One cannot soon forget that book with its decorated margins, its neat mounting of cards and clippings and its beautiful pictures. The effect of the book upon the girl who made it, the teachers said was very apparent. Another book was entitled “Come Unto Me,” and the pictures, verses and hymns were most impressive. When each girl has exchanged books with each member of the class, they are to be sent to a rescue home for girls.
The Bible messages to mankind brought by such simple methods into direct contact with a girl in her early teens is one means of nourishing her soul. If it is true that the best in poetry, art, literature and oratory, as well as the greatest uplift to character, finds its source in that Book the girl should come into real touch with it that it may feed her expanding soul. It is this sort of first-hand, individual study while she is still a girl which will help her later to turn to the Book for encouragement, comfort and strength, and lead her to great thoughts and the attempting of great things because her own soul is inspired.

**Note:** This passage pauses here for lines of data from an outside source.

Lemma Vfun_directional_minorant xi v g (t : R) : 0 < t ->
  Omega U (fun a => xpart xi a + t * xpart v a) ->
  subdiff (Omega U) (fsum fi) (xpart xi) g ->
  t * dot (Vgrad W xs ls zs xi g) v <=
  Vfun W dv fi xs ls zs (fun k => xi k + t * v k) - Vfun W dv fi xs ls zs xi.
Proof.
move=> t0 Ushift gx; have := gx _ Ushift.
rewrite /Vfun.
have [-> -> ->] : [/\ xpart (fun k => xi k + t * v k) = (fun a => xpart xi a + t * xpart v a),
    lpart (fun k => xi k + t * v k) = (fun b => lpart xi b + t * lpart v b) &
    zpart (fun k => xi k + t * v k) = (fun b => zpart xi b + t * zpart v b)] by [].
rewrite !sqn_shift.
have -> : dot g (vsub (fun a => xpart xi a + t * xpart v a) (xpart xi)) =
    t * dot g (xpart v).
  by rewrite /dot /vsub mulr_sumr; apply: eq_bigr => k _; ring.
have -> : dot ls (fun b => dv b - Wbar W (fun a => xpart xi a + t * xpart v a) b) =
    dot ls (fun b => dv b - Wbar W (xpart xi) b) - t * dot (WbarT W ls) (xpart v).
  rewrite -dot_Wbar /dot mulr_sumr -sumrB; apply: eq_bigr => b _.
  by rewrite Wbar_shift; ring.
have -> : dot (Vgrad W xs ls zs xi g) v = dot g (xpart v) - dot (WbarT W ls) (xpart v)
    + dot (vsub (xpart xi) xs) (xpart v)
    + dot (vsub (lpart xi) ls) (lpart v) + dot (vsub (zpart xi) zs) (zpart v).
  rewrite dot_parts /Vgrad /=; congr (_ + _ + _).
  by rewrite /dot /vsub -sumrB -big_split; apply: eq_bigr => k _; rewrite /xpart /=; ring.
have := sqn_ge0 (xpart v); have := sqn_ge0 (lpart v); have := sqn_ge0 (zpart v).
nra.
Qed.

Lemma clarke_grad_Vgrad (xi : Sidx m q -> R) (g : Xidx q -> R) :
  (forall i, open_set (U i)) ->
  Omega U (xpart xi) -> subdiff (Omega U) (fsum fi) (xpart xi) g ->
  clarke_grad (Vfun W dv fi xs ls zs) xi (Vgrad W xs ls zs xi g).
Proof.
move=> Uopen Ux gx; apply: clarke_grad_of_directional_minorant => v.
have [e e0 He] := Omega_open_ray _ _ (xpart v) Uopen Ux.
by exists e => // t t0 te; apply: Vfun_directional_minorant => //; apply: He.
Qed.

End Lyapunov.

Lemma Fmap_equilibrium {R : realType} {n m} {q : 'I_n -> nat} {Ln : 'M[R]_n}
    {W : forall i, 'M[R]_(m, q i)} {dv : Lidx n m -> R}
    {Om U : forall i, ('I_(q i) -> R) -> Prop} {fi : forall i, ('I_(q i) -> R) -> R}
    {xs : Xidx q -> R} {ls zs : Lidx n m -> R} :
  Fmap Ln W dv Om U fi (pack xs ls zs) (fun _ => 0) ->
  exists2 gs, subdiff (Omega U) (fsum fi) xs gs &
    [/\ is_proj (Omega Om) (fun a => xs a - gs a + WbarT W ls a) xs,
        forall b, Lkron Ln ls b = 0 &
        forall b, dv b = Wbar W xs b + Lkron Ln zs b].
Proof.
case=> gs [pis [gxs proj_s /= F0]].
rewrite xpart_pack lpart_pack zpart_pack in gxs proj_s F0; exists gs => //.
have pis_xs : pis = xs.
  apply/funext => a.
  by have := congr1 (fun f => f (inl a)) F0; rewrite /vsub /=; lra.
have Lls0 b : Lkron Ln ls b = 0 by have := congr1 (fun f => f (inr (inr b))) F0.
subst pis; split => // b.
have := congr1 (fun f => f (inr (inl b))) F0; rewrite /= Lls0.
have -> : Wbar W (vsub xs xs) b = 0.
  by rewrite /Wbar big1 // => l _; rewrite /blk /vsub subrr mulr0.
lra.
Qed.

Section LieDerivative.
Context {R : realType} {n m : nat} {q : 'I_n -> nat}.
Context {A : 'M[R]_n} {W : forall i, 'M[R]_(m, q i)} {dv : Lidx n m -> R}.
Context {xs : Xidx q -> R} {ls zs : Lidx n m -> R}.
Hypothesis A_sym : forall i j, A i j = A j i.
Hypothesis Lls0 : forall b, Lkron (laplacian A) ls b = 0.
Hypothesis dv_eq : forall b, dv b = Wbar W xs b + Lkron (laplacian A) zs b.
(* Let $\mathcal{I}$ be the set of channels $\rho\mapsto U\rho U^\dagger$ with $U=H^{\otimes n}DH^{\otimes n}$, where $D$ is a product of gates from $\{Z,CZ\}$ (acting on arbitrary qubits/pairs of qubits) containing at least one $CZ$ gate. There is an absolute constant $C$ such that for every sample $S=(z_1,\ldots,z_m)$ with $z_i\in\mathbb{F}_2^n\times\mathbb{F}_2^n$, \[ \hat{R}_S(\mathcal{F}(\mathcal{I}))\le\frac{C\,n}{\sqrt m}\max_{\Phi\in\mathcal{I}}\|\vec f_\Phi\|_\infty . \]
   Context: $H$ is the Hadamard gate, $Z=\mathrm{diag}(1,-1)$, $CZ$ the controlled-$Z$ gate. For a channel $\Phi$ on $n$ qubits, $f_\Phi(x,y)=\mathrm{Tr}[\Phi(|x\rangle\langle x|)\,|y\rangle\langle y|]$ for $x,y\in\mathbb{F}_2^n$; $\mathcal{F}(\Omega)=\{f_\Phi:\Phi\in\Omega\}$; $\vec f_\Phi=(f_\Phi(z_1),\ldots,f_\Phi(z_m))$. Empirical Rademacher complexity: $\hat{R}_S(\mathcal{G})=\mathbb{E}_{\epsilon}[\sup_{g\in\mathcal{G}}\frac1m\sum_i\epsilon_i g(z_i)]$, $\epsilon_i$ i.i.d. uniform on $\{\pm1\}$. *)

From HB Require Import structures.
From mathcomp Require Import all_boot all_order all_algebra.
From mathcomp Require Import complex mxtens.
From mathcomp Require Import boolp classical_sets reals.

Set Implicit Arguments.
Unset Strict Implicit.
Unset Printing Implicit Defensive.

Import Order.TTheory GRing.Theory Num.Theory.
Local Open Scope ring_scope.
Local Open Scope classical_set_scope.
Local Open Scope complex_scope.

Section Quantum.
Variable R : realType.
Local Notation C := (complex R).

(* n-fold tensor product  F 0 (x) F 1 (x) ... (x) F (n-1)  of (p x q) matrices;
   qubit i is tensor factor i. *)
Fixpoint tensn {p q : nat} (n : nat) : ('I_n -> 'M[C]_(p, q)) -> 'M[C]_(p ^ n, q ^ n) :=
  match n return ('I_n -> 'M[C]_(p, q)) -> 'M[C]_(p ^ n, q ^ n) with
  | 0 => fun _ => 1%:M
  | n'.+1 => fun F => castmx (esym (expnS p n'), esym (expnS q n'))
                          (F ord0 *t tensn (fun i : 'I_n' => F (lift ord0 i)))
  end.

Definition Hmat : 'M[C]_2 :=
  \matrix_(a < 2, b < 2)
     (((Num.sqrt (2 : R))^-1)%:C * (if (a == 1 :> nat) && (b == 1 :> nat) then -1 else 1)).
Definition Zmat : 'M[C]_2 := \matrix_(a < 2, b < 2) (if a == b then (if a == 1 :> nat then -1 else 1) else 0).
Definition P0 : 'M[C]_2 := \matrix_(a < 2, b < 2) (if (a == 0 :> nat) && (b == 0 :> nat) then 1 else 0).
Definition P1 : 'M[C]_2 := \matrix_(a < 2, b < 2) (if (a == 1 :> nat) && (b == 1 :> nat) then 1 else 0).

Definition ket1 (b : 'F_2) : 'cV[C]_2 := \col_(a < 2) (if (a : nat) == (b : nat) then 1 else 0).

Definition Hn (n : nat) : 'M[C]_(2 ^ n) := tensn (fun _ : 'I_n => Hmat).

Definition Zgate (n : nat) (i : 'I_n) : 'M[C]_(2 ^ n) :=
  tensn (fun k : 'I_n => if k == i then Zmat else 1%:M).

Definition CZgate (n : nat) (i j : 'I_n) : 'M[C]_(2 ^ n) :=
  tensn (fun k : 'I_n => if k == i then P0 else 1%:M)
  + tensn (fun k : 'I_n => if k == i then P1 else if k == j then Zmat else 1%:M).

Inductive gate (n : nat) := GZ of 'I_n | GCZ of 'I_n & 'I_n.

Definition gate_mx (n : nat) (g : gate n) : 'M[C]_(2 ^ n) :=
  match g with GZ i => Zgate i | GCZ i j => CZgate i j end.

Definition gate_ok (n : nat) (g : gate n) : bool :=
  match g with GZ _ => true | GCZ i j => i != j end.
Definition is_CZ (n : nat) (g : gate n) : bool :=
  match g with GZ _ => false | GCZ _ _ => true end.

Definition circuit_mx (n : nat) (gs : seq (gate n)) : 'M[C]_(2 ^ n) :=
  foldr (fun g M => gate_mx g *m M) 1%:M gs.

Definition adjmx (k : nat) (U : 'M[C]_k) : 'M[C]_k := (map_mx (@conjc R) U)^T.

Definition channel (n : nat) := 'M[C]_(2 ^ n) -> 'M[C]_(2 ^ n).

Definition unitary_channel (n : nat) (U : 'M[C]_(2 ^ n)) : channel n :=
  fun rho => U *m rho *m adjmx U.

Definition Iclass (n : nat) : set (channel n) :=
  [set Phi | exists gs : seq (gate n),
      [/\ all (@gate_ok n) gs, has (@is_CZ n) gs &
          Phi = unitary_channel (Hn n *m circuit_mx gs *m Hn n)]].

Definition bits (n : nat) := 'rV['F_2]_n.

Definition ket (n : nat) (x : bits n) : 'M[C]_(2 ^ n, 1 ^ n) :=
  tensn (fun i : 'I_n => ket1 (x 0 i)).
Definition ketbra (n : nat) (x : bits n) : 'M[C]_(2 ^ n) :=
  ket x *m (map_mx (@conjc R) (ket x))^T.

(* f_Phi(x,y) = Tr[Phi(|x><x|) |y><y|]  (a real number; we take the real part of the
   complex trace) *)
Definition fPhi (n : nat) (Phi : channel n) (z : bits n * bits n) : R :=
  complex.Re (\tr (Phi (ketbra z.1) *m ketbra z.2)).

Definition Fclass (n : nat) (Omega : set (channel n)) : set (bits n * bits n -> R) :=
  [set fPhi Phi | Phi in Omega].

(* empirical Rademacher complexity: expectation over eps uniform on {+-1}^m
   (eps_i = +1 iff the bool is true) of the supremum *)
Definition sgnb (b : bool) : R := if b then 1 else -1.
Definition rademacher {X : Type} (m : nat) (G : set (X -> R)) (S : 'I_m -> X) : R :=
  (2 ^+ m)^-1 * \sum_(eps : {ffun 'I_m -> bool})
     sup [set (m%:R)^-1 * \sum_(i < m) sgnb (eps i) * g (S i) | g in G].

Definition supnorm_on {X : Type} (m : nat) (f : X -> R) (S : 'I_m -> X) : R :=
  \big[Num.max/0]_(i < m) `|f (S i)|.

End Quantum.
Arguments Iclass {R} n.

From HB Require Import structures.
From mathcomp Require Import all_boot all_order all_algebra.
From mathcomp Require Import complex mxtens.
From mathcomp Require Import boolp classical_sets reals.
From mathcomp Require Import sequences exp.
From mathcomp Require Import ring lra zify.
Import Order.TTheory GRing.Theory Num.Theory.
Local Open Scope ring_scope.
Local Open Scope classical_set_scope.
Set Implicit Arguments. Unset Strict Implicit. Unset Printing Implicit Defensive.

(* For a family of sign sums indexed by a finite set
     of size at most 2^K with coefficients bounded by M, Jensen's inequality, a union
     bound and cosh t <= 1 + 2 t^2 <= exp (2 t^2) give, for 0 < lam with lam M <= 1/2,
       lam * E_eps [max_p sum_i eps_i a_p(i)] <= K + 2 m (lam M)^2,
     and the choice lam = N / (sqrt m M) yields the bound 4 N sqrt m M when K <= 2 N^2.
     A finitely parametrized class attains the supremum in the definition of the
     empirical Rademacher complexity, so the lemma applies to it directly.
   - Finiteness of I.  Every gate is diagonal with entries squaring to 1, so a circuit
     only depends on the parity of the number of occurrences of each of the n + n^2
     possible gates: I is the image of at most 2^(n + n^2) parity vectors, and n >= 1
     as soon as a CZ gate exists.
   With K = n + n^2 <= 2 n^2 and N = n the theorem follows with the constant C = 4. *)

Section Massart.
Variable R : realType.

Lemma cosh_le (t : R) : t ^+ 2 <= 4^-1 ->
  2^-1 * (expR t + expR (- t)) <= 1 + 2 * t ^+ 2.
Proof.
move=> t_small.
have lower_neg : 1 - t <= expR (- t) by exact: expR_ge1Dx.
have lower_pos : 1 + t <= expR t by exact: expR_ge1Dx.
have prod1 : expR t * expR (- t) = 1 by rewrite -expRD subrr expR0.
have := expR_gt0 t; have := expR_gt0 (- t).
move: lower_neg lower_pos prod1; set u := expR t; set v := expR (- t).
move=> lower_neg lower_pos prod1 v_gt0 u_gt0.
have hu : u * (1 - t) <= 1 by rewrite -[X in _ <= X]prod1 ler_pM2l.
have hv : v * (1 + t) <= 1 by rewrite -[X in _ <= X]prod1 mulrC ler_pM2r.
have t_range : t <= 2^-1 /\ - 2^-1 <= t by split; nra.
nra.
Qed.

The majority of teachers, superintendents and leaders interested in religious instruction today were trained in Christian homes and taught as little children to pray. Attendance at church services of various kinds gave to them almost unconsciously a phraseology of prayer and impressed upon them the place of prayer in the Christian life. So familiar is the fact of prayer that they forget that the majority of pupils in the average Sunday-school of today are not familiar with the words of prayer at family worship, are at best irregular in church attendance and that many are associated with no society in the church where there is any training in prayer.
To such young people prayer has nothing to do with life. They say the Lord’s Prayer at school perhaps, formally and hurriedly in the morning, they hear the prayer from the superintendent’s desk on Sunday, or perchance remember the evening, “Now I lay me down to sleep,” which is said in many homes not Christian, by the little child. But the prayer; which though only an echo of adult prayers, and only half understood, calms many a fear in a childish heart, helps to victory over sin many a struggling ten-year-old reared in a Christian home, is utterly foreign to the child who has none of these influences and who meets in the average Sunday-school not cultivation, but the abstract taken for granted type of instruction.